(* Let $q=p^k$ for a prime $p \neq 3$, and let $G=\mathrm{PSL}(2,q)$ be considered as a permutation group in its transitive action on the left cosets of a subgroup isomorphic to $\mathbb{Z}_3$. Then a non-canonical basic intersecting set in $G$ contains no point stabilizer as a proper subset.
   Context: For a permutation group $G$ on a finite set $V$, a subset $\mathcal{F}\subseteq G$ is intersecting if for all $g,h\in\mathcal{F}$ there is $v\in V$ with $g(v)=h(v)$. A canonical intersecting set is a coset $gG_v$ of a point stabilizer ($g\in G$, $v\in V$). A basic intersecting set is an intersecting set containing the identity. *)

From HB Require Import structures.
From mathcomp Require Import all_boot all_order all_algebra all_fingroup all_solvable.
Set Implicit Arguments. Unset Strict Implicit. Unset Printing Implicit Defensive.
Import GRing.Theory.

Local Open Scope group_scope.

Section PSL.
Variable F : finFieldType.

Definition SL2 : {set {'GL_2[F]}} := [set x | determinant (GLval x) == 1%R].

Lemma SL2_group_set : group_set SL2.
Proof.
apply/group_setP; split; first by rewrite inE GL_1E det1.
move=> x y; rewrite !inE => /eqP dx /eqP dy.
by rewrite GL_MxE det_mulmx dx dy mulr1.
Qed.

Canonical SL2_group := Group SL2_group_set.

Definition PSLtype := coset_of 'Z(SL2_group).
Definition PSL2 : {group PSLtype} := (SL2_group / 'Z(SL2_group))%G.
End PSL.

Section Intersecting.
Variable gT : finGroupType.
Variables G H : {set gT}.

(* the points: left cosets xH, x in G; g acts by g(xH) = gxH *)
Definition points : {set {set gT}} := lcosets H G.

Definition pstab (v : {set gT}) : {set gT} := [set g in G | g *: v == v].

Definition intersecting (S : {set gT}) : Prop :=
  S \subset G /\
  forall g h, g \in S -> h \in S -> exists2 v, v \in points & g *: v = h *: v.

Definition canonical_int (S : {set gT}) : Prop :=
  exists g v, [/\ g \in G, v \in points & S = g *: pstab v].

Definition basic_int (S : {set gT}) : Prop := intersecting S /\ 1 \in S.
End Intersecting.

(* Let S be intersecting, K = <b> the stabilizer of a point, K properly
   contained in S, and g in S but not in K.  For k in K, the elements g and
   k^-1 of S agree at some point, so k g fixes a point and lies in a conjugate
   of H: b, g, bg and b^2 g all have order 3.  An element of order 3 of
   PSL(2,q) lifts to a non-scalar matrix X of SL(2,q) with scalar cube; as
   X^3 = (t^2 - 1) X - t by Cayley-Hamilton (t = tr X), t^2 = 1.  For lifts A
   of g and B of b, the traces r = tr A, s = tr B, u = tr BA and
   tr B^2 A = s u - r all square to 1, whence 2 r s u = 1, 4 = 1 and the
   characteristic is 3. *)

From mathcomp Require Import all_boot all_order all_algebra all_fingroup all_solvable.
From mathcomp Require Import finfield ring.
Set Implicit Arguments. Unset Strict Implicit. Unset Printing Implicit Defensive.

Import GRing.Theory.

Section Matrix2.
Local Open Scope ring_scope.
Variable R : comNzRingType.
Implicit Types M N : 'M[R]_2.

Lemma ord2P (i : 'I_2) : i = 0 \/ i = 1.
Proof. by case: i => [[|[|//]] ?]; [left | right]; apply: val_inj. Qed.

Lemma ord2E :
  (ord0 = 0 :> 'I_2) * (lift 0 ord0 = 1 :> 'I_2) * (lift 1 ord0 = 0 :> 'I_2).
Proof. by do !split; apply: val_inj. Qed.

Lemma det_mx2 M : \det M = M 0 0 * M 1 1 - M 0 1 * M 1 0.
Proof.
rewrite (expand_det_row _ 0) !big_ord_recl big_ord0 /cofactor !det_mx11 !mxE /=.
by rewrite !ord2E /bump /=; ring.
Qed.

Lemma mxtrace2 M : \tr M = M 0 0 + M 1 1.
Proof. by rewrite /mxtrace !big_ord_recl big_ord0 !ord2E addr0. Qed.

Lemma mulmx2E M N i j : (M *m N) i j = M i 0 * N 0 j + M i 1 * N 1 j.
Proof. by rewrite !mxE !big_ord_recl big_ord0 !ord2E addr0. Qed.

Lemma mx2_Cayley_Hamilton M : M *m M = \tr M *: M - (\det M)%:M.
Proof.
apply/matrixP => i j; rewrite mulmx2E !mxE mxtrace2 det_mx2.
by have [-> | ->] := ord2P i; have [-> | ->] := ord2P j; rewrite /=; ring.
Qed.

Lemma mxtrace_sqr_mul M N :
  \tr (M *m M *m N) = \tr M * \tr (M *m N) - \det M * \tr N.
Proof.
by rewrite mx2_Cayley_Hamilton mulmxBl -scalemxAl mul_scalar_mx raddfB /= !linearZ.
Qed.

Lemma det_transvection2 (i j : 'I_2) : i != j -> \det (1%:M + delta_mx i j) = 1 :> R.
Proof.
rewrite det_mx2 !mxE.
by have [-> | ->] := ord2P i; have [-> | ->] := ord2P j; rewrite //= => _; ring.
Qed.

Lemma comm_delta_mx2_scalar M :
  M *m delta_mx 0 1 = delta_mx 0 1 *m M -> M *m delta_mx 1 0 = delta_mx 1 0 *m M ->
  M = (M 0 0)%:M.
Proof.
move=> c01 c10.
have := congr1 (fun X : 'M_2 => X 0 1) c01; have := congr1 (fun X : 'M_2 => X 1 1) c01.
have := congr1 (fun X : 'M_2 => X 0 0) c10.
rewrite !mulmx2E !mxE /= !(mulr0, mulr1, mul0r, mul1r, add0r, addr0) => M01 M10 M11.
apply/matrixP => i j; rewrite !mxE.
by have [-> | ->] := ord2P i; have [-> | ->] := ord2P j.
Qed.

Lemma three_eq0_of_sqr_eq1 (r s u : R) :
  r ^+ 2 = 1 -> s ^+ 2 = 1 -> u ^+ 2 = 1 -> (s * u - r) ^+ 2 = 1 -> 3%:R = 0 :> R.
Proof.
move=> r2 s2 u2 sur2.
have rsu : 2 * (r * s * u) = 1.
  transitivity (s ^+ 2 * u ^+ 2 + r ^+ 2 - (s * u - r) ^+ 2); first ring.
  by rewrite r2 s2 u2 sur2; ring.
transitivity ((2 * (r * s * u)) ^+ 2 - 1); last by rewrite rsu; ring.
transitivity (4 * (r ^+ 2 * s ^+ 2 * u ^+ 2) - 1); first by rewrite r2 s2 u2; ring.
ring.
Qed.

End Matrix2.

Section Field.
Local Open Scope ring_scope.

Lemma mx2_scalar_cube_trace (F : fieldType) (M : 'M[F]_2) (c : F) :
  \det M = 1 -> M *m M *m M = c%:M -> ~~ is_scalar_mx M -> \tr M ^+ 2 = 1.
Proof.
move=> detM cubeM; apply: contraNeq => t2; apply/is_scalar_mxP.
set t := \tr M; have CH := mx2_Cayley_Hamilton M; rewrite detM -/t in CH.
have : M *m M *m M = (t ^+ 2 - 1) *: M - t%:M.
  rewrite CH mulmxBl -scalemxAl CH mul_scalar_mx scale1r.
  by apply/matrixP => i j; rewrite !mxE; ring.
rewrite cubeM => /esym/eqP; rewrite subr_eq -raddfD => /eqP eM.
exists ((t ^+ 2 - 1)^-1 * (c + t)).
by rewrite -scale_scalar_mx -eM scalerA mulVf ?subr_eq0 // scale1r.
Qed.

Lemma finField_natr3_neq0 (F : finFieldType) (p k : nat) :
  prime p -> p != 3%N -> #|F| = (p ^ k)%N -> 3%:R != 0 :> F.
Proof.
move=> p_pr p_neq3 cardF; apply: contra p_neq3 => /eqP F3.
have pF := card_finPcharP cardF p_pr.
have : 3 \in [pchar F] by rewrite inE /= F3 eqxx.
by rewrite (GRing.pcharf_eq pF) inE eq_sym.
Qed.

End Field.

Section PSL2Order3.
Local Open Scope group_scope.
Variable F : finFieldType.
Local Notation Z := ('Z(SL2_group F)).
(* Typed through the finGroupType structure, products of elements elaborate
   along the same instance path as in the group lemmas; with the default path
   the conversions between the two are very slow. *)
Local Notation GL2 := (FinGroup.sort ({'GL_2[F]} : finGroupType)).
Implicit Types X Y : GL2.

Lemma SL2_transvection (i j : 'I_2) :
  i != j -> exists2 X : GL2, X \in SL2 F & GLval X = (1%:M + delta_mx i j)%R.
Proof.
move=> ij; have dX := det_transvection2 F ij.
have uX : (1%:M + delta_mx i j : 'M[F]_(1.+1))%R \in unitmx.
  by rewrite unitmxE dX unitr1.
by exists (FinRing.Unit uX); rewrite // inE /= dX.
Qed.

Lemma SL2_scalar_center X c : X \in SL2 F -> GLval X = (c%:M)%R -> X \in Z.
Proof.
move=> SLX eX; apply/centerP; split=> // Y _; apply: val_inj.
by change (GLval (X * Y) = GLval (Y * X)); rewrite !GL_MxE eX scalar_mxC.
Qed.

Lemma SL2_center_scalar Y : Y \in Z -> is_scalar_mx (GLval Y).
Proof.
case/centerP=> _ cY; apply/is_scalar_mxP; exists (GLval Y 0%R 0%R).
have comm_delta (i j : 'I_2) :
    i != j -> (GLval Y *m delta_mx i j = delta_mx i j *m GLval Y)%R.
  move=> ij; have [X SLX eX] := SL2_transvection ij.
  have := congr1 GLval (cY X SLX); rewrite !GL_MxE eX mulmxDr mulmxDl mulmx1 mul1mx.
  exact: addrI.
exact: comm_delta_mx2_scalar (comm_delta 0%R 1%R _) (comm_delta 1%R 0%R _).
Qed.

Lemma SL2_norm_center X : X \in SL2 F -> X \in 'N(Z).
Proof. exact/subsetP/normal_norm/center_normal. Qed.

Lemma PSL2_lift x : x \in PSL2 F -> exists2 X : GL2, X \in SL2 F & x = coset Z X.
Proof. by rewrite /PSL2 /= -imset_coset => /imsetP[X SLX ->]; exists X. Qed.

Lemma PSL2_order3_trace X :
  X \in SL2 F -> #[coset Z X] = 3 -> (\tr (GLval X) ^+ 2 = 1)%R.
Proof.
move=> SLX oX; have nZX := SL2_norm_center SLX.
have cubeZ : X ^+ 3 \in Z.
  by apply: coset_idr; rewrite ?groupX // morphX // -oX expg_order.
have /is_scalar_mxP[c ec] := SL2_center_scalar cubeZ.
apply: (@mx2_scalar_cube_trace _ _ c).
- by move: SLX; rewrite inE => /eqP.
- have X3 : X ^+ 3 = X * X * X by rewrite expgSr expgS expg1.
  by rewrite -ec X3 !GL_MxE.
apply/is_scalar_mxP=> -[d eX]; move/eqP: oX; apply/negP.
by rewrite coset_id ?order1 // (SL2_scalar_center SLX eX).
Qed.

Lemma PSL2_order3_char3 b g : b \in PSL2 F -> g \in PSL2 F ->
  #[b] = 3 -> #[g] = 3 -> #[b * g] = 3 -> #[b * b * g] = 3 -> (3%:R = 0 :> F)%R.
Proof.
move=> /PSL2_lift[B SLB ->] /PSL2_lift[A SLA ->].
have SLBA := groupM SLB SLA; have SLBBA := groupM (groupM SLB SLB) SLA.
rewrite -!morphM ?groupM ?SL2_norm_center // => oB oA oBA oBBA.
apply: (three_eq0_of_sqr_eq1 (PSL2_order3_trace SLA oA) (PSL2_order3_trace SLB oB)
         (PSL2_order3_trace SLBA oBA)).
have detB : (\det (GLval B) = 1)%R by move: SLB; rewrite inE => /eqP.
have := PSL2_order3_trace SLBBA oBBA.
by rewrite !GL_MxE mxtrace_sqr_mul detB mul1r.
Qed.

End PSL2Order3.

Section IntersectingCosetAction.
Local Open Scope group_scope.
Variables (gT : finGroupType) (G H : {group gT}).
Hypothesis sHG : H \subset G.

Lemma pstab_lcoset x : x \in G -> pstab G (x *: H) = H :^ x^-1.
Proof.
move=> xG; apply/setP=> g; rewrite inE mem_conjgV -lcosetM.
rewrite (sameP eqP lcoset_eqP) mem_lcoset -conjgE.
apply: andb_idl => /(subsetP sHG) gxG.
by rewrite -(conjgK x g) groupJ ?groupV.
Qed.

Lemma intersecting_expn S n g y : intersecting G H S -> exponent H %| n ->
  g \in S -> y \in S -> (y^-1 * g) ^+ n = 1.
Proof.
move=> [sSG intS] eHn gS yS; have [v vP gyv] := intS g y gS yS.
have [x xG defv] := lcosetsP vP.
have : y^-1 * g \in pstab G v.
  rewrite inE groupM ?groupV ?(subsetP sSG) //=.
  by rewrite lcosetM gyv -lcosetM mulVg lcoset1.
have /exponentP expHx : exponent (H :^ x^-1) %| n by rewrite exponentJ.
by rewrite defv pstab_lcoset // => /expHx.
Qed.

Lemma intersecting_rcoset_expn S (K : {group gT}) n g : intersecting G H S ->
  exponent H %| n -> K \subset S -> g \in S -> {in K :* g, forall y, y ^+ n = 1}.
Proof.
move=> intS eHn sKS gS _ /rcosetP[k kK ->].
by rewrite -[k]invgK (intersecting_expn intS) // (subsetP sKS) ?groupV.
Qed.

End IntersectingCosetAction.

Local Open Scope group_scope.

Theorem proposition2p13 (F : finFieldType) (p k : nat) :
  prime p -> p != 3 -> #|F| = (p ^ k)%N ->
  forall H : {group PSLtype F},
    H \subset PSL2 F -> H \isog Zp 3 ->
  forall S : {set PSLtype F},
    basic_int (PSL2 F) H S -> ~ canonical_int (PSL2 F) H S ->
  forall v, v \in points (PSL2 F) H -> ~~ (pstab (PSL2 F) v \proper S).
Proof.
move=> p_pr p_neq3 cardF H sHG isoH S [intS _] _ v vP.
apply/negP => /properP[sKS [g gS gNK]].
have [x xG defv] := lcosetsP vP; rewrite defv pstab_lcoset // in sKS gNK.
set K := (H :^ x^-1)%G in sKS gNK.
have oH : #|H| = 3 by rewrite (card_isog isoH) card_Zp.
have oK : #|K| = 3 by rewrite cardJg.
have sKG : K \subset PSL2 F by rewrite conj_subG ?groupV.
have gG : g \in PSL2 F := subsetP intS.1 g gS.
have [b bK b1] : exists2 b, b \in K & b != 1 by apply/trivgPn; rewrite -cardG_gt1 oK.
have order3 y : y \in K :* g -> #[y] = 3.
  move=> Kgy; apply: nt_prime_order => //.
    apply: (intersecting_rcoset_expn sHG intS _ sKS gS Kgy).
    by rewrite -oH exponent_dvdn.
  by apply: contraNneq gNK => y1; move: Kgy; rewrite y1 mem_rcoset mul1g groupV.
apply: (negP (finField_natr3_neq0 p_pr p_neq3 cardF)); apply/eqP.
apply: (PSL2_order3_char3 (subsetP sKG b bK) gG); last 3 first.
- by apply: order3; rewrite rcoset_refl.
- by apply: order3; rewrite mem_rcoset mulgK.
- by apply: order3; rewrite mem_rcoset mulgK groupM.
by apply: nt_prime_order; rewrite // -oK expg_cardG.
Qed.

## Exercise goal
Where the line holding "have sKG : K" appears in the listing above, start reproducing exactly, and end with the line holding "by apply: contraNneq".

## Answer to the exercise
have sKG : K \subset PSL2 F by rewrite conj_subG ?groupV.
have gG : g \in PSL2 F := subsetP intS.1 g gS.
have [b bK b1] : exists2 b, b \in K & b != 1 by apply/trivgPn; rewrite -cardG_gt1 oK.
have order3 y : y \in K :* g -> #[y] = 3.
  move=> Kgy; apply: nt_prime_order => //.
    apply: (intersecting_rcoset_expn sHG intS _ sKS gS Kgy).
    by rewrite -oH exponent_dvdn.
  by apply: contraNneq gNK => y1; move: Kgy; rewrite y1 mem_rcoset mul1g groupV.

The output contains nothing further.